FICTION AND CULTURE OF THE AMERICAS

FICTION AND CULTURE OF THE AMERICAS

South
Course Number: 
156
Course Type or Level: 
Instructor: 
Francine Masiello
Days: 
Tu/Th
Time: 
12:30-2pm
Semester: 
Location: 
175 Dwinelle

This course is devoted to a study of the concept of Global South, first as a theoretical question belonging to geopolitics and, second, as a project sustained first by colonizers, explorers, and later by creative writers.  To approach the idea of “South,” we’ll focus in particular on the representation of the South in the literatures of the Americas and, by way of contrast, the European South (specifically, the case of Italy). Starting with Darwin’s observations about Patagonia and Mary Shelley’s assessments of Italy, we will read about the ways in which the South enters the cultural imagination to challenge cosmopolitan sensibilities and the role of the state. We will take this through the tropes of “barbarism” that are carried in descriptions of the South along with the potential for resistance that Southern lands encourage (especially through figures of the outlaw and the brigand). We’ll then bring in the racial component that seems to constitute the paradigm of South (seen in Faulkner’s concern for the legacy of slavery; writings by African migrants who have emigrated to Italy; Chicano writers who have activated the reality of the border as a literary trope; the Mapuche indigenous voices in southern Chile and Argentina whose demands for rectifications of land rights and social recognition have become a thorn in the hide of the state).

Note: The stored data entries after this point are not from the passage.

(* Let $G$ be a torsion-free hyperbolic group. Then every retract of $G$ is malnormal in $G$.
   Context: A subgroup $H\le G$ is a retract of $G$ if there is a homomorphism $\phi:G\to H$ with $\phi(h)=h$ for all $h\in H$. A subgroup $H\le G$ is malnormal if $H\cap gHg^{-1}=\{e\}$ for all $g\in G\setminus H$. *)

From Stdlib Require Import ZArith List.
Import ListNotations.


Record Group := {
  carrier :> Type;
  mul : carrier -> carrier -> carrier;
  one : carrier;
  inv : carrier -> carrier;
  mulA : forall x y z, mul x (mul y z) = mul (mul x y) z;
  mul1g : forall x, mul one x = x;
  mulVg : forall x, mul (inv x) x = one
}.

Section Defs.
Variable G : Group.

Fixpoint gpow (g : G) (n : nat) : G :=
  match n with O => one G | S m => mul G g (gpow g m) end.

Definition torsion_free : Prop :=
  forall (g : G) (n : nat), gpow g (S n) = one G -> g = one G.

Definition is_subgroup (H : G -> Prop) : Prop :=
  H (one G) /\ (forall x y, H x -> H y -> H (mul G x y)) /\
  (forall x, H x -> H (inv G x)).

Definition is_hom (phi : G -> G) : Prop :=
  forall x y, phi (mul G x y) = mul G (phi x) (phi y).

Definition is_retract (H : G -> Prop) : Prop :=
  exists phi : G -> G, is_hom phi /\ (forall g, H (phi g)) /\
    (forall h, H h -> phi h = h).

Definition malnormal (H : G -> Prop) : Prop :=
  forall g, ~ H g -> forall x, H x -> H (mul G g (mul G x (inv G g))) -> x = one G.

Definition prodl (l : list G) : G := fold_right (mul G) (one G) l.

Definition has_len (S : list G) (g : G) (n : nat) : Prop :=
  exists l : list G, length l = n /\
    Forall (fun s => In s S \/ In (inv G s) S) l /\ prodl l = g.

Definition generates (S : list G) : Prop := forall g, exists n, has_len S g n.

Definition word_len (S : list G) (g : G) (n : nat) : Prop :=
  has_len S g n /\ forall m, has_len S g m -> n <= m.

Definition wdist (S : list G) (x y : G) (n : nat) : Prop :=
  word_len S (mul G (inv G x) y) n.

(* Gromov's (Gromov-product) definition of delta-hyperbolicity of the word
   metric, with all quantities doubled to stay in Z:
   (x|z)_w >= min((x|y)_w, (y|z)_w) - delta, where
   2 (x|y)_w = d(w,x) + d(w,y) - d(x,y). *)
Definition delta_hyperbolic (S : list G) (delta : nat) : Prop :=
  forall x y z w : G, forall dwx dwy dwz dxy dyz dxz : nat,
    wdist S w x dwx -> wdist S w y dwy -> wdist S w z dwz ->
    wdist S x y dxy -> wdist S y z dyz -> wdist S x z dxz ->
    (Z.of_nat dwx + Z.of_nat dwz - Z.of_nat dxz >=
     Z.min (Z.of_nat dwx + Z.of_nat dwy - Z.of_nat dxy)
           (Z.of_nat dwy + Z.of_nat dwz - Z.of_nat dyz) - 2 * Z.of_nat delta)%Z.

Definition hyperbolic_group : Prop :=
  exists (S : list G) (delta : nat), generates S /\ delta_hyperbolic S delta.

End Defs.

(* Let phi be the retraction onto H, and suppose 1 <> x lies in H and in g⁻¹Hg for some
   g outside H.  Conjugation by g and by phi g agree on x, so c := (phi g)⁻¹ g is a
   nontrivial element of ker phi commuting with x; applying phi and torsion-freeness
   show that (n, m) ↦ xⁿcᵐ is injective, i.e. G contains ℤ².  A hyperbolic group has no
   ℤ²: an element of length at most D that commutes with a long element z moves the
   geodesic [1, z] within 4 delta of itself near its middle, which confines it to a set
   of size O(D), whereas there are about D² elements xⁿcᵐ of length at most D. *)
From Stdlib Require Import ZArith List Lia FinFun Classical ClassicalEpsilon.
Import ListNotations.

Our work will require a study of the operations of travel discourse, the aestheticization of nature, the building of cultural difference (based on race, language, and nation), and the literary and cultural representations of utopias and social justice. Based on the theoretical materials supplied in the first part of the course, students will be invited to report on their own versions of “South” and to lead us in discussion of the cultural and literary dynamics that their research on “South” engenders (this can be “South of the Border,” the South Bronx, South Los Angeles, or Southern Spain, for instance).

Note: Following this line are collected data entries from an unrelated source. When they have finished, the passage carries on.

(* Let $H=(a_1,a_2)$ be a bounded open interval in $\mathbb R$, $\mathcal B$ a finite index set, $m\ge2$. Assume for each $\beta\in\mathcal B$: $b_\beta,\theta_\beta\in C^m(\bar H)$, $b_\beta>0$ on $\bar H$, $\theta_\beta(H)\subset H$; and that there exist $\mu\ge1$ and $\kappa<1$ with $|\theta_\omega(x)-\theta_\omega(y)|\le\kappa|x-y|$ for all $\omega\in\mathcal B_\mu$, $x,y\in\bar H$. Assume also that $\theta_\beta'(u)\ge0$, $\theta_\beta''(u)\ge0$, $b_\beta'(u)\ge0$, $b_\beta''(u)\ge0$ and $$b_\beta''(u)b_\beta(u)-(1-s)[b_\beta'(u)]^2\ge0$$ for all $\beta\in\mathcal B$, all $u\in H$, and a given real number $s$. If $s>0$ and $v_s$ is the strictly positive $C^m$ eigenvector of $(L_sf)(x)=\sum_{\beta\in\mathcal B}[b_\beta(x)]^sf(\theta_\beta(x))$ on $C^m(\bar H)$, then $Dv_s(u)\ge0$ and $D^2v_s(u)\ge0$ for all $u\in\bar H$. If in addition there is a set $F\subset\bar H$ (possibly empty) such that for all $u\in\bar H\setminus F$ and all $\beta\in\mathcal B$, $b_\beta'(u)>0$ and $b_\beta''(u)b_\beta(u)-(1-s)[b_\beta'(u)]^2>0$, then $Dv_s(u)>0$ and $D^2v_s(u)>0$ for all $u\in\bar H\setminus F$.
   Context: $D=d/dx$. $\mathcal B_\mu=\{(j_1,\ldots,j_\mu):j_k\in\mathcal B\}$ and $\theta_{(j_1,\ldots,j_\mu)}=\theta_{j_\mu}\circ\cdots\circ\theta_{j_1}$. Under the hypotheses, $L_s$ on $C^m(\bar H)$ has a strictly positive $C^m$ eigenvector with eigenvalue $r(L_s)$, unique up to positive multiples. *)

From Stdlib Require Import Reals List.
From Coquelicot Require Import Coquelicot.
Import ListNotations.
Open Scope R_scope.

Definition Cm (m : nat) (f : R -> R) : Prop :=
  (forall k x, (k < m)%nat -> ex_derive (Derive_n f k) x) /\
  (forall x, continuous (Derive_n f m) x).

(* theta_(j_1,...,j_mu) = theta_{j_mu} o ... o theta_{j_1} *)
Definition theta_comp (theta : nat -> R -> R) (w : list nat) (x : R) : R :=
  fold_left (fun y j => theta j y) w x.

Definition Lop (N : nat) (b theta : nat -> R -> R) (s : R) (f : R -> R) (x : R) : R :=
  fold_right (fun beta acc => Rpower (b beta x) s * f (theta beta x) + acc) 0 (seq 0 N).

(* Differentiating the eigen-equation [lam v = L_s v] once and twice gives
   [lam Dv = sum (source1 + b^s th' Dv o th)] and
   [lam D^2v = sum (source2 + b^s th'^2 D^2v o th)], where the source terms are nonnegative
   under the sign hypotheses (given [Dv >= 0] for the second).  So [w = Dv] (resp. [D^2v])
   satisfies [L_{c q} w <= lam w] with [q = th'] (resp. [th'^2]), while [L_c v = lam v].
   Minimum principle: if [c0 = min w/v] were negative, then [mu] iterations, along which the
   products of [q] are at most [kappa] (resp. [kappa^2]) by the contraction hypothesis, would give
   [w >= kappa c0 v] and hence [c0 >= kappa c0] at the minimiser, which is absurd.  Strict
   positivity off [F] then follows because the source terms become strictly positive. *)

From Stdlib Require Import Reals List Lra Lia.
From Coquelicot Require Import Coquelicot.
Import ListNotations.
Open Scope R_scope.

Definition lsum {A} (l : list A) (g : A -> R) : R :=
  fold_right (fun a acc => g a + acc) 0 l.

Lemma lsum_app {A} (l1 l2 : list A) g : lsum (l1 ++ l2) g = lsum l1 g + lsum l2 g.
Proof. induction l1; simpl; [lra | rewrite IHl1; lra]. Qed.

Lemma lsum_map {A B} (f : A -> B) l g : lsum (map f l) g = lsum l (fun a => g (f a)).
Proof. induction l; simpl; [lra | rewrite IHl; lra]. Qed.

Lemma lsum_flat_map {A B} (F : A -> list B) l g :
  lsum (flat_map F l) g = lsum l (fun a => lsum (F a) g).
Proof. induction l; simpl; [lra | rewrite lsum_app, IHl; lra]. Qed.

Lemma lsum_mult_l {A} (l : list A) c g : c * lsum l g = lsum l (fun a => c * g a).
Proof. induction l; simpl; [lra | rewrite <- IHl; lra]. Qed.

Lemma lsum_ext {A} (l : list A) g h : (forall a, In a l -> g a = h a) -> lsum l g = lsum l h.
Proof. induction l; simpl; intros H; [lra |]. rewrite H, IHl by auto. lra. Qed.

Lemma lsum_le {A} (l : list A) g h : (forall a, In a l -> g a <= h a) -> lsum l g <= lsum l h.
Proof.
  induction l; simpl; intros H; [lra |].
  assert (g a <= h a) by auto. assert (lsum l g <= lsum l h) by auto. lra.
Qed.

In addition to the list of required texts, lots of supplementary materials (essays, films, music) to chomp on. Several short response papers, class presentations, and a research paper.

Required texts:

Aira, Cèsar. The Hare, New York: New Directions

La liebre. Buenos Aires: Emecé

Chatwin, Bruce. In Patagonia. New York: Penguin.

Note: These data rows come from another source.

Lemma is_derive_plane_snd d1 d2 G p u v : has_partials G ->
  is_derive (fun w => jeval G (plane d1 d2 p u w)) v (jeval (pd d2 G) (plane d1 d2 p u v)).
Proof.
  intro HG. apply is_derive_Reals.
  pose proof (proj1 (has_pd_at d2 G (plane d1 d2 p u v) _) (has_pd_pd _ _ _ _ HG)) as H.
  rewrite plane_dget_snd in H.
  replace (fun x => jeval G (dmove d2 (plane d1 d2 p u v) x))
    with (fun w => jeval G (plane d1 d2 p u w)) in H
    by (extensionality x; now rewrite plane_move_snd).
  exact H.
Qed.

Lemma continuity_2d_plane l K G d1 d2 p : distinct_dirs d1 d2 -> jcont l K G ->
  continuity_2d_pt (fun u v => jeval G (plane d1 d2 p u v)) (dget d1 p) (dget d2 p).
Proof.
  intros Hd HG eps. rewrite plane_center by exact Hd.
  destruct (HG (fst p) (snd p) eps (cond_pos eps)) as [del [Hdel H]].
  assert (Hdel2 : 0 < del / 2) by lra.
  exists (mkposreal _ Hdel2). simpl. intros u v Hu Hv.
  destruct (dmove_close d1 p u) as [Cz1 Ct1].
  destruct (dmove_close d2 (dmove d1 p u) v) as [Cz2 Ct2].
  rewrite dget_dmove_other in Cz2, Ct2 by exact Hd.
  apply H; unfold plane.
  - intros j i _ _. specialize (Cz1 j i). specialize (Cz2 j i).
    eapply Rle_lt_trans; [apply Rabs_sub_triang with (b := fst (dmove d1 p u) j i)|]. lra.
  - eapply Rle_lt_trans; [apply Rabs_sub_triang with (b := snd (dmove d1 p u))|]. lra.
Qed.

Lemma pd_comm_distinct l K F d1 d2 : distinct_dirs d1 d2 -> smooth l K F ->
  pd d1 (pd d2 F) = pd d2 (pd d1 F).
Proof.
  intros Hd HF. extensionality z; extensionality t.
  pose proof (smooth_has_partials _ _ _ HF) as P.
  pose proof (smooth_has_partials _ _ _ (smooth_pd l K d1 F HF)) as P1.
  pose proof (smooth_has_partials _ _ _ (smooth_pd l K d2 F HF)) as P2.
  set (p := (z, t)). set (f := fun u v => jeval F (plane d1 d2 p u v)).
  assert (D2 : forall u v, Derive (fun s => f u s) v = jeval (pd d2 F) (plane d1 d2 p u v))
    by (intros; apply is_derive_unique, is_derive_plane_snd; auto).
  assert (D1 : forall u v, Derive (fun s => f s v) u = jeval (pd d1 F) (plane d1 d2 p u v))
    by (intros; apply is_derive_unique, is_derive_plane_fst; auto).
  assert (D12 : forall u v, is_derive (fun w => Derive (fun s => f w s) v) u
                              (jeval (pd d1 (pd d2 F)) (plane d1 d2 p u v))).
  { intros. eapply is_derive_ext; [intro; symmetry; apply D2|]. apply is_derive_plane_fst; auto. }
  assert (D21 : forall u v, is_derive (fun w => Derive (fun s => f s w) u) v
                              (jeval (pd d2 (pd d1 F)) (plane d1 d2 p u v))).
  { intros. eapply is_derive_ext; [intro; symmetry; apply D1|]. apply is_derive_plane_snd; auto. }
  assert (E12 : (fun u v => Derive (fun w => Derive (fun s => f w s) v) u)
              = (fun u v => jeval (pd d1 (pd d2 F)) (plane d1 d2 p u v)))
    by (extensionality u; extensionality v; apply is_derive_unique, D12).
  assert (E21 : (fun u v => Derive (fun w => Derive (fun s => f s w) u) v)
              = (fun u v => jeval (pd d2 (pd d1 F)) (plane d1 d2 p u v)))
    by (extensionality u; extensionality v; apply is_derive_unique, D21).
  pose proof (Schwarz f (dget d1 p) (dget d2 p)) as S.
  rewrite (equal_f (equal_f E12 _) _), (equal_f (equal_f E21 _) _), plane_center in S by exact Hd.
  apply S; [|rewrite E12|rewrite E21]; try (apply (continuity_2d_plane l K); auto;
    apply smooth_jcont, smooth_pd, smooth_pd, HF).
  exists (mkposreal 1 Rlt_0_1). intros u v _ _.
  repeat split; eexists; eauto using is_derive_plane_fst, is_derive_plane_snd.
Qed.

Lemma pd_comm l K F d1 d2 : smooth l K F -> pd d1 (pd d2 F) = pd d2 (pd d1 F).
Proof.
  intro HF.
  destruct d1 as [|j i], d2 as [|j' i']; [reflexivity| | |];
    try (apply (pd_comm_distinct l K); simpl; auto; fail).
  destruct (Nat.eq_dec j j'), (Nat.eq_dec i i'); subst; [reflexivity|..];
    apply (pd_comm_distinct l K); simpl; auto.
Qed.

Lemma exists_least_nat (P : nat -> Prop) n : P n -> exists m, P m /\ forall k, P k -> (m <= k)%nat.
Proof.
  revert P. induction n as [n IH] using Wf_nat.lt_wf_ind. intros P Hn.
  destruct (classic (exists k, (k < n)%nat /\ P k)) as [[k [Hk Pk]]|Hno]; [exact (IH k Hk P Pk)|].
  exists n. split; auto. intros k Pk.
  destruct (Compare_dec.le_lt_dec n k); auto. exfalso; eauto.
Qed.

Lemma jorder_spec l K F : depends_upto l K F ->
  depends_upto l (jorder l F) F /\ (jorder l F <= K)%nat.
Proof.
  intro H. unfold jorder.
  destruct (epsilon_spec (inhabits 0%nat)
    (fun K => depends_upto l K F /\ forall K', depends_upto l K' F -> (K <= K')%nat)) as [A B].
  - exact (exists_least_nat _ K H).
  - auto.
Qed.

(** The total derivative with the sum over [j] cut at an explicit bound [M]; unlike [tder],
    it does not involve [jorder], so it is amenable to algebra. *)
Definition tder_upto (l M : nat) (F : JF) : JF :=
  fplus (pd DirT F) (fsumF M (fun j => fsumF l (fun i => fmul (pd (DirQ j i) F) (coord (S j) i)))).

Lemma tder_eq_upto l K M F : depends_upto l K F -> (K < M)%nat -> tder l F = tder_upto l M F.
Proof.
  intros H HM. destruct (jorder_spec l K F H) as [HJ HJK].
  extensionality z; extensionality t. unfold tder, tder_upto, fplus, fsumF, fmul, coord, pdt, pdq.
  f_equal. symmetry. apply fsum_tail; [lia|]. intros a Ha.
  apply fsum_zero. intros i Hi.
  rewrite (pd_irrelevant l (jorder l F) F a i) by (auto; lia). unfold fcst. ring.
Qed.

Lemma tder_upto_linear l M H F G (A B : JF) :
  (forall d z t, pd d H z t = A z t * pd d F z t + B z t * pd d G z t) ->
  forall z t, tder_upto l M H z t = A z t * tder_upto l M F z t + B z t * tder_upto l M G z t.
Proof.
  intros E z t. unfold tder_upto, fplus, fsumF, fmul, coord. rewrite E.
  rewrite (fsum_ext M _ (fun j => A z t * fsum l (fun i => pd (DirQ j i) F z t * z (S j) i)
                              + B z t * fsum l (fun i => pd (DirQ j i) G z t * z (S j) i))).
  - rewrite fsum_plus, !fsum_scal. ring.
  - intros j Hj. rewrite <- !fsum_scal, <- fsum_plus. apply fsum_ext. intros i Hi.
    rewrite E. ring.
Qed.

Lemma smooth_tder l K F : smooth l K F -> smooth l (S K) (tder l F).
Proof.
  intro HF. rewrite (tder_eq_upto l K (S K)) by (auto using smooth_depends_upto).
  apply smooth_plus.
  - apply smooth_mono with K; auto using smooth_pd.
  - apply smooth_fsumF; intros j Hj; apply smooth_fsumF; intros i Hi. apply smooth_mul.
    + apply smooth_mono with K; auto using smooth_pd.
    + apply smooth_coord; lia.
Qed.

Lemma smooth_tdern l K m F : smooth l K F -> smooth l (m + K) (tdern l m F).
Proof. intro H. induction m; [exact H|]. apply smooth_tder; auto. Qed.

Lemma smooth_tdern0 l m F : smooth l 0 F -> smooth l m (tdern l m F).
Proof. intro H. rewrite <- (Nat.add_0_r m) at 1. apply smooth_tdern, H. Qed.

Lemma smooth_tdern_sub l p r A : smooth l (S p) A -> (p <= r)%nat ->
  smooth l (S r) (tdern l (r - p) A).
Proof. intros HA Hpr. replace (S r) with ((r - p) + S p)%nat by lia. now apply smooth_tdern. Qed.

Section TderRules.

Variables (l K : nat) (F G : JF).
Hypotheses (HF : smooth l K F) (HG : smooth l K G).

Let PF := smooth_has_partials _ _ _ HF.
Let PG := smooth_has_partials _ _ _ HG.
Let DF := smooth_depends_upto _ _ _ HF.
Let DG := smooth_depends_upto _ _ _ HG.

Lemma tder_plus : tder l (fplus F G) = fplus (tder l F) (tder l G).
Proof.
  rewrite !(tder_eq_upto l K (S K)) by auto using depends_upto_plus.
  extensionality z; extensionality t.
  rewrite (tder_upto_linear l (S K) (fplus F G) F G (fcst 1) (fcst 1)).
  - unfold fcst, fplus; ring.
  - intros. rewrite pd_plus by auto. unfold fcst, fplus; ring.
Qed.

Faulkner, William. Absalom, Absalom. New York: Vintage.

Gramsci, The Southern Question. New York: Bordighera Press.

Lakhous, Amara. Clash of Civilizations Over an Elevator in Piazza Vittorio. New York: Europa Editions, 2008.

Scontro di civiltà per un ascensore a Piazza Vittorio. Roma: Edizione e/o.

Tomasi di Lampedusa, Giuseppe. The Leopard. Il Gattopardo (English and Italian). New York: Pantheon.